### Stored items
━━━━

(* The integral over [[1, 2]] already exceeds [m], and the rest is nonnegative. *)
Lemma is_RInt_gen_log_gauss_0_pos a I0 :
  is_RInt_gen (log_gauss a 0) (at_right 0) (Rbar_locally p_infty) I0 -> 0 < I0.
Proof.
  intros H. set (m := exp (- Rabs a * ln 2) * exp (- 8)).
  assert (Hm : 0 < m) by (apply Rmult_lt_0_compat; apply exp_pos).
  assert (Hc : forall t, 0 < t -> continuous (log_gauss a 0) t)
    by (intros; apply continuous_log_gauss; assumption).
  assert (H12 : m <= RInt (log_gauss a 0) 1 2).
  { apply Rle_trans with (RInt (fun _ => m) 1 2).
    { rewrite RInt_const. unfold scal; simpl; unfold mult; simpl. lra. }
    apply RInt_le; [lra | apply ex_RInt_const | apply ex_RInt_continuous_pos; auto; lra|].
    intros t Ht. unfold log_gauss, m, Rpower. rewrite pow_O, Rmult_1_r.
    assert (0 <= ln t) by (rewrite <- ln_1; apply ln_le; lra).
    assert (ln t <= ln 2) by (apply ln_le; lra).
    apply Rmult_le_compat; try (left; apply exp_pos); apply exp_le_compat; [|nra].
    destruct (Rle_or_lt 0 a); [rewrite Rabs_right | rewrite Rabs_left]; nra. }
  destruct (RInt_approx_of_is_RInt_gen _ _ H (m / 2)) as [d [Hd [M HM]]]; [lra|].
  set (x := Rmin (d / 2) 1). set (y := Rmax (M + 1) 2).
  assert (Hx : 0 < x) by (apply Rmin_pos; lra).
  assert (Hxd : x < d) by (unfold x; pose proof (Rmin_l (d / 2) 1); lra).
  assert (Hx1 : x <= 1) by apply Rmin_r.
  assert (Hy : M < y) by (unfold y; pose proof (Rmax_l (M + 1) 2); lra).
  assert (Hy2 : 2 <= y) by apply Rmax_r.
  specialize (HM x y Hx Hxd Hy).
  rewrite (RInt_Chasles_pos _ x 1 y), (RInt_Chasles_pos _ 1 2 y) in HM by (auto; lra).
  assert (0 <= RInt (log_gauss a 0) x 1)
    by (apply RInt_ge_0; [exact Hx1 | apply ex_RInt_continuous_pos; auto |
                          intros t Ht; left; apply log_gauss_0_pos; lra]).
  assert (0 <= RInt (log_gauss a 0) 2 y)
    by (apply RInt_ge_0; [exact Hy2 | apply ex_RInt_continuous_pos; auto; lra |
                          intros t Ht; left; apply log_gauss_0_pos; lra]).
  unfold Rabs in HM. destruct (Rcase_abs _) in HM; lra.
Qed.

━━━━

### What to produce
Reproduce the data shown above exactly.

### The answer
(* The integral over [[1, 2]] already exceeds [m], and the rest is nonnegative. *)
Lemma is_RInt_gen_log_gauss_0_pos a I0 :
  is_RInt_gen (log_gauss a 0) (at_right 0) (Rbar_locally p_infty) I0 -> 0 < I0.
Proof.
  intros H. set (m := exp (- Rabs a * ln 2) * exp (- 8)).
  assert (Hm : 0 < m) by (apply Rmult_lt_0_compat; apply exp_pos).
  assert (Hc : forall t, 0 < t -> continuous (log_gauss a 0) t)
    by (intros; apply continuous_log_gauss; assumption).
  assert (H12 : m <= RInt (log_gauss a 0) 1 2).
  { apply Rle_trans with (RInt (fun _ => m) 1 2).
    { rewrite RInt_const. unfold scal; simpl; unfold mult; simpl. lra. }
    apply RInt_le; [lra | apply ex_RInt_const | apply ex_RInt_continuous_pos; auto; lra|].
    intros t Ht. unfold log_gauss, m, Rpower. rewrite pow_O, Rmult_1_r.
    assert (0 <= ln t) by (rewrite <- ln_1; apply ln_le; lra).
    assert (ln t <= ln 2) by (apply ln_le; lra).
    apply Rmult_le_compat; try (left; apply exp_pos); apply exp_le_compat; [|nra].
    destruct (Rle_or_lt 0 a); [rewrite Rabs_right | rewrite Rabs_left]; nra. }
  destruct (RInt_approx_of_is_RInt_gen _ _ H (m / 2)) as [d [Hd [M HM]]]; [lra|].
  set (x := Rmin (d / 2) 1). set (y := Rmax (M + 1) 2).
  assert (Hx : 0 < x) by (apply Rmin_pos; lra).
  assert (Hxd : x < d) by (unfold x; pose proof (Rmin_l (d / 2) 1); lra).
  assert (Hx1 : x <= 1) by apply Rmin_r.
  assert (Hy : M < y) by (unfold y; pose proof (Rmax_l (M + 1) 2); lra).
  assert (Hy2 : 2 <= y) by apply Rmax_r.
  specialize (HM x y Hx Hxd Hy).
  rewrite (RInt_Chasles_pos _ x 1 y), (RInt_Chasles_pos _ 1 2 y) in HM by (auto; lra).
  assert (0 <= RInt (log_gauss a 0) x 1)
    by (apply RInt_ge_0; [exact Hx1 | apply ex_RInt_continuous_pos; auto |
                          intros t Ht; left; apply log_gauss_0_pos; lra]).
  assert (0 <= RInt (log_gauss a 0) 2 y)
    by (apply RInt_ge_0; [exact Hy2 | apply ex_RInt_continuous_pos; auto; lra |
                          intros t Ht; left; apply log_gauss_0_pos; lra]).
  unfold Rabs in HM. destruct (Rcase_abs _) in HM; lra.
Qed.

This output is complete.